Como resultado das pesquisas desenvolvidas nos últimos anos na Faculdade de Bioquímica e Ciências Biológicas da Universidade Nacional do Litoral (Santa Fe, Argentina), os extratos das peles de espécies do litoral argentino, como a rã trepadora (Boana pulchella), a ranita nadadora (Pseudis minuta), a rã boyadora (Pseudis platensis) ou o sapo argentino (Rhinella arenarum), demonstraram a notável capacidade de atuar sobre algumas das vias patológicas mais representativas do Alzheimer, inibindo as enzimas que estão em maior quantidade em cérebros doentes e controlando a produção de radicais livres.

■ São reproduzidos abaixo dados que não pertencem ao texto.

Lemma count_eta_target n k v : k <= n -> v != 1 -> count (pred1 v) (eta_target n k) <= 1.
Proof.
move=> le_kn v1; rewrite count_cat count_nseq /= eq_sym (negPf v1) mul0n addn0.
rewrite count_uniq_mem; first by case: (_ \in _).
rewrite map_inj_in_uniq ?iota_uniq // => a b; rewrite !mem_iota !add0n => ak bk.
by move/(congr1 (subn n)); rewrite !subKn // ltnW // (leq_trans _ le_kn).
Qed.

Lemma count_eta_target1 n k : n - k <= count (pred1 1) (eta_target n k).
Proof. by rewrite count_cat count_nseq /= mul1n leq_addl. Qed.

Lemma count_theta_target n k v : v != k.+1 -> count (pred1 v) (theta_target n k) <= 1.
Proof.
move=> vk; rewrite count_cat count_nseq /= eq_sym (negPf vk) mul0n add0n.
rewrite count_uniq_mem; first by case: (_ \in _).
rewrite map_inj_in_uniq ?iota_uniq // => a b; rewrite !mem_iota !add0n => ak bk.
by move/(congr1 (subn k)); rewrite !subKn // ltnW.
Qed.

Section FixedMatrix.
Variables (n k : nat) (A : 'M['F_2]_n) (p s : {perm 'I_n}).
Hypotheses (le_kn : k <= n) (A_H : A \in Hnk n k).
Hypothesis A_fix : forall i j, A (p i) (s j) = A i j.

Lemma rowsum_fix i : rowsum A (p i) = rowsum A i.
Proof.
by rewrite /rowsum (reindex_inj (@perm_inj _ s)); apply: eq_bigr => j _; rewrite A_fix.
Qed.

Lemma colsum_fix j : colsum A (s j) = colsum A j.
Proof.
by rewrite /colsum (reindex_inj (@perm_inj _ p)); apply: eq_bigr => i _; rewrite A_fix.
Qed.

Lemma card_rowsum_fibre v :
  #|[pred i | rowsum A i == v]| = count (pred1 v) (eta_target n k).
Proof.
move: A_H; rewrite inE => /andP [/andP [_ /eqP <-] _].
by rewrite card_count /eta_p (seq.permP (permEl (perm_sort geq _))) [in RHS]count_map.
Qed.

Lemma card_colsum_fibre v :
  #|[pred j | colsum A j == v]| = count (pred1 v) (theta_target n k).
Proof.
move: A_H; rewrite inE => /andP [_ /eqP <-].
by rewrite card_count /theta_p (seq.permP (permEl (perm_sort geq _))) [in RHS]count_map.
Qed.

Definition weight1_rows := [set i | rowsum A i == 1].

Definition one_col (i : 'I_n) : 'I_n := odflt i [pick j | A i j != 0%R].

Lemma weight1_row_supp i : i \in weight1_rows ->
  forall j, (A i j != 0%R) = (j == one_col i).
Proof.
rewrite inE /rowsum sum_nat_bool_card => /card1P [x suppA] j.
have suppE j' : (A i j' != 0%R) = (j' == x) by have := suppA j'; rewrite !inE.
rewrite suppE /one_col; case: pickP => [y|/(_ x)]; last by rewrite suppE eqxx.
by rewrite suppE => /eqP ->.
Qed.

Inclusivamente, em nossos estudos, observamos que vários peptídeos extraídos da rã trepadora e da rã criolla (Leptodactylus luctator) mostram resultados promissores para controlar os efeitos negativos do Alzheimer ao se ligarem a metais, neutralizando enzimas ou atuando como antioxidantes (ou seja, contrabalançando o efeito negativo dos radicais livres). Apesar de que para desenvolver um medicamento são necessários muitos estudos e rigorosos controles de segurança, indubitavelmente os peptídeos naturais surgem como uma alternativa terapêutica de grande interesse.

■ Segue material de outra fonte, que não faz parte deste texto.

Inductive rstep : rterm -> rset -> Prop :=
| rs_beta t b :
    rstep (RApp (RBag (sing (RLam t))) (RBag b)) (fun u => lsub 0 t (bag_list b) u)
| rs_zero b u : length (bag_list b) <> 1 -> rstep (RApp (RBag b) u) (fun _ => False)
| rs_sigma1 t s1 s2 :
    rstep (RApp (RApp (RBag (sing (RLam t))) s1) s2)
          (eq (RApp (RBag (sing (RLam (RApp t (rlift 1 0 s2))))) s1))
| rs_sigma3 v t s :
    rstep (RApp (RBag (sing v)) (RApp (RBag (sing (RLam t))) s))
          (eq (RApp (RBag (sing (RLam (RApp (RBag (sing (vlift 1 0 v))) t)))) s))
| rs_appl s S u : rstep s S -> rstep (RApp s u) (fun w => exists s', S s' /\ w = RApp s' u)
| rs_appr s u U : rstep u U -> rstep (RApp s u) (fun w => exists u', U u' /\ w = RApp s u')
| rs_bag b B : rbstep b B -> rstep (RBag b) (fun w => exists b', B b' /\ w = RBag b')
with rvstep : rval -> (rval -> Prop) -> Prop :=
| rvs_lam t T : rstep t T -> rvstep (RLam t) (fun w => exists t', T t' /\ w = RLam t')
with rbstep : rbag -> (rbag -> Prop) -> Prop :=
| rbs_head v V b : rvstep v V -> rbstep (BCons v b) (fun w => exists v', V v' /\ w = BCons v' b)
| rbs_tail v b B : rbstep b B -> rbstep (BCons v b) (fun w => exists b', B b' /\ w = BCons v b').

(* Reduction on sets: e -> E1 and e notin E2 imply {e} u E2 -> E1 u E2
   (here E2 = A \ {e}). *)
Definition setstep (A B : rset) : Prop :=
  exists e E1, rstep e E1 /\ A e /\
    (forall x, B x <-> (E1 x \/ (A x /\ x <> e))).

Definition rnormal (e : rterm) : Prop := forall E, ~ rstep e E.
Definition set_normal (F : rset) : Prop := forall x, F x -> rnormal x.

(* F is the normal form nf(e) of e (unique up to req, since ->_r is
   confluent and strongly normalizing). *)
Definition is_nf (e : rterm) (F : rset) : Prop :=
  clos_refl_trans rset setstep (eq e) F /\ set_normal F.

Fixpoint bag_all (P : rval -> Prop) (b : rbag) : Prop :=
  match b with BNil => True | BCons v b' => P v /\ bag_all P b' end.

Fixpoint taylor (M : lterm) : rset :=
  match M with
  | LVar x => fun t => exists b, t = RBag b /\ bag_all (fun v => v = RVar x) b
  | LLam N => fun t => exists b, t = RBag b /\
                 bag_all (fun v => exists u, v = RLam u /\ taylor N u) b
  | LApp P Q => fun t => exists s u, t = RApp s u /\ taylor P s /\ taylor Q u
  end.

Definition NFset (E : rset) : rset :=
  fun t => exists e F, E e /\ is_nf e F /\ F t.

Definition rset_eq (A B : rset) : Prop :=
  forall t, (exists t', A t' /\ req t t') <-> (exists t', B t' /\ req t t').

(* The resource calculus is strongly normalizing: beta_r decreases the size
   of simple terms, sigma1 and sigma3 a polynomial interpretation. It is
   locally confluent, the critical pairs with beta_r being closed by the
   substitution lemma for linear substitution. Newman's lemma, for reduction
   of a term to a set of terms, then gives every simple term e a unique normal
   form nf(e), with NF(E) the union of the nf(e), e in E, and
   nf(C[e]) = U { nf(C[e']) | e' in nf(e) } for every context C.

   The Taylor expansion commutes with lifting and turns M{x:=V} into the
   linear substitutions t<x := vs>, t in T(M), vs a list of elements of the
   bags of T(V). So a root step beta_v, sigma1 or sigma3 from M to N is
   mirrored on T(M): each of its elements either reduces by beta_r, sigma1 or
   sigma3 into T(N), covering all of T(N), or has a bag of size other than 1
   in function position and normal form {} by rule (0). Hence
   NF(T(M)) = NF(T(N)), and compositionality propagates this through
   contexts. *)

From Stdlib Require Import List Permutation Relations Arith Lia Wellfounded
  Classical ClassicalEpsilon FunctionalExtensionality PropExtensionality.
Import ListNotations.

Definition img {A B : Type} (f : A -> B) (P : A -> Prop) : B -> Prop :=
  fun y => exists x, P x /\ y = f x.

Definition finite {A : Type} (P : A -> Prop) : Prop := exists l, forall x, P x <-> In x l.

Lemma set_ext {A : Type} (P Q : A -> Prop) : (forall x, P x <-> Q x) -> P = Q.
Proof.
  intro H. apply functional_extensionality; intro x. apply propositional_extensionality, H.
Qed.

Lemma img_img {A B C : Type} (f : B -> C) (g : A -> B) (P : A -> Prop) :
  img f (img g P) = img (fun x => f (g x)) P.
Proof.
  apply set_ext; intro z; split.
  - intros [y [[x [Hx ->]] ->]]. exists x; auto.
  - intros [x [Hx ->]]. exists (g x); split; auto. exists x; auto.
Qed.

Lemma img_eq {A B : Type} (f : A -> B) (x : A) : img f (eq x) = eq (f x).
Proof.
  apply set_ext; intro y; split.
  - now intros [? [<- ->]].
  - intros <-. exists x; auto.
Qed.

Lemma finite_incl {A : Type} (P Q : A -> Prop) : finite Q -> (forall x, P x -> Q x) -> finite P.
Proof.
  intros [l Hl] HPQ.
  exists (filter (fun x => if excluded_middle_informative (P x) then true else false) l).
  intro x. rewrite filter_In, <- Hl.
  destruct excluded_middle_informative; split; intuition; discriminate.
Qed.

Lemma finite_list {A : Type} (l : list A) : finite (fun x => In x l).
Proof. now exists l. Qed.

Lemma finite_eq {A : Type} (x : A) : finite (eq x).
Proof. exists [x]. simpl. intuition. Qed.

Lemma finite_img {A B : Type} (f : A -> B) (P : A -> Prop) : finite P -> finite (img f P).
Proof.
  intros [l Hl]. exists (map f l). intro y. rewrite in_map_iff. split.
  - intros [x [Hx ->]]. exists x. split; auto. now apply Hl.
  - intros [x [<- Hx]]. exists x. split; auto. now apply Hl.
Qed.

Lemma finite_prod {A B C : Type} (f : A -> B -> C) P Q : finite P -> finite Q ->
  finite (fun z => exists x y, P x /\ Q y /\ z = f x y).
Proof.
  intros [l1 H1] [l2 H2]. exists (flat_map (fun x => map (f x) l2) l1). intro z.
  rewrite in_flat_map. split.
  - intros [x [y [Hx [Hy ->]]]]. exists x. split; [now apply H1 | apply in_map; now apply H2].
  - intros [x [Hx Hz]]. apply in_map_iff in Hz as [y [<- Hy]].
    exists x, y. rewrite H1, H2. auto.
Qed.

Lemma finite_union {I A : Type} (l : list I) (F : I -> A -> Prop) :
  (forall i, In i l -> finite (F i)) -> finite (fun x => exists i, In i l /\ F i x).
Proof.
  induction l as [|i l IH]; intro H.
  - exists []. simpl. firstorder.
  - destruct (H i (or_introl eq_refl)) as [l1 H1], IH as [l2 H2]; [intros; apply H; now right|].
    exists (l1 ++ l2). intro x. rewrite in_app_iff, <- H1, <- H2. simpl. split.
    + intros [j [[<- | Hj] Hx]]; eauto.
    + intros [Hx | [j [Hj Hx]]]; eauto.
Qed.

Fixpoint splits {A : Type} (l : list A) : list (list A * list A) :=
  match l with
  | [] => [([], [])]
  | x :: l => flat_map (fun p => [(x :: fst p, snd p); (fst p, x :: snd p)]) (splits l)
  end.

Lemma splits_complete {A : Type} (l : list A) : forall l1 l2, Permutation l (l1 ++ l2) ->
  exists a b, In (a, b) (splits l) /\ Permutation a l1 /\ Permutation b l2.
Proof.
  induction l as [|x l IH]; intros l1 l2 P.
  - apply Permutation_nil, app_eq_nil in P as [-> ->]. exists [], []. simpl; auto.
  - assert (Hx : In x (l1 ++ l2)) by (rewrite <- P; now left).
    apply in_app_or in Hx as [Hx | Hx]; apply in_split in Hx as [p [q ->]].
    + destruct (IH (p ++ q) l2) as [a [b [Hin [Pa Pb]]]].
      { rewrite <- app_assoc in P. apply Permutation_cons_app_inv in P.
        now rewrite app_assoc in P. }
      exists (x :: a), b. split; [apply in_flat_map; exists (a, b); simpl; auto|].
      split; auto. rewrite Pa. apply Permutation_middle.
    + destruct (IH l1 (p ++ q)) as [a [b [Hin [Pa Pb]]]].
      { rewrite app_assoc in P. apply Permutation_cons_app_inv in P.
        now rewrite <- app_assoc in P. }
      exists a, (x :: b). split; [apply in_flat_map; exists (a, b); simpl; auto|].
      split; auto. rewrite Pb. apply Permutation_middle.
Qed.

Lemma perm_map_split {A B : Type} (f : A -> B) vs a b :
  Permutation (map f vs) (a ++ b) ->
  exists a0 b0, Permutation vs (a0 ++ b0) /\ a = map f a0 /\ b = map f b0.
Proof.
  intro H. apply Permutation_sym, Permutation_map_inv in H as [l [Hl Hp]].
  symmetry in Hl. apply map_eq_app in Hl as [a0 [b0 [-> [<- <-]]]].
  exists a0, b0. auto.
Qed.

Lemma app_cons_eq_inv {A : Type} (l1 l2 m1 m2 : list A) x y : l1 ++ x :: l2 = m1 ++ y :: m2 ->
  (l1 = m1 /\ x = y /\ l2 = m2) \/ (exists p, m1 = l1 ++ x :: p /\ l2 = p ++ y :: m2) \/
  (exists p, l1 = m1 ++ y :: p /\ m2 = p ++ x :: l2).
Proof.
  revert m1. induction l1 as [|a l1 IH]; intros [|b m1] E; simpl in *; injection E as -> E; subst.
  - now left.
  - right; left. now exists m1.
  - right; right. now exists l1.
  - destruct (IH _ E) as [[-> [-> ->]] | [[p [-> ->]] | [p [-> ->]]]];
      [left | right; left | right; right]; eauto.
Qed.

Lemma app_cons_snoc {A : Type} (k l : list A) x : k ++ x :: l = (k ++ [x]) ++ l.
Proof. now rewrite <- app_assoc. Qed.

(** * Newman's lemma for reduction of elements to sets *)

Section SetRewriting.

Context {X : Type} (step : X -> (X -> Prop) -> Prop).

Definition normal (x : X) : Prop := forall E, ~ step x E.
Definition normal_set (F : X -> Prop) : Prop := forall x, F x -> normal x.

Definition reduces_into (R : X -> (X -> Prop) -> Prop) (A G : X -> Prop) : Prop :=
  (forall y, A y -> exists Y, R y Y /\ forall t, Y t -> G t) /\
  (forall t, G t -> exists y Y, A y /\ R y Y /\ Y t).

(* [red x F]: F is what remains after reducing x, then (in parallel) the
   elements of the result, and so on, along a finite tree of steps. *)
Inductive red : X -> (X -> Prop) -> Prop :=
| red_refl x : red x (eq x)
| red_step x E F : step x E -> reduces_into red E F -> red x F.

Definition joinable (A B : X -> Prop) : Prop :=
  exists G, reduces_into red A G /\ reduces_into red B G.

Definition locally_confluent : Prop :=
  forall x E1 E2, step x E1 -> step x E2 -> joinable E1 E2.

Definition nf (x : X) : X -> Prop := fun t => exists F, red x F /\ normal_set F /\ F t.
Definition nfs (A : X -> Prop) : X -> Prop := fun t => exists x, A x /\ nf x t.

Em síntese, todas essas descobertas destacam a profunda conexão entre os anfíbios anuros e a saúde humana. A abundância de compostos em sua pele, com múltiplas bioatividades, impulsionou o desenvolvimento de importantes áreas de pesquisa. Isso nos obriga a valorizar a preservação desses animais e sua diversidade, pois, além de seu papel fundamental nos ecossistemas, representam também uma fonte inestimável de biomoléculas com imenso potencial para pesquisa aplicada e desenvolvimento de novos tratamentos farmacológicos.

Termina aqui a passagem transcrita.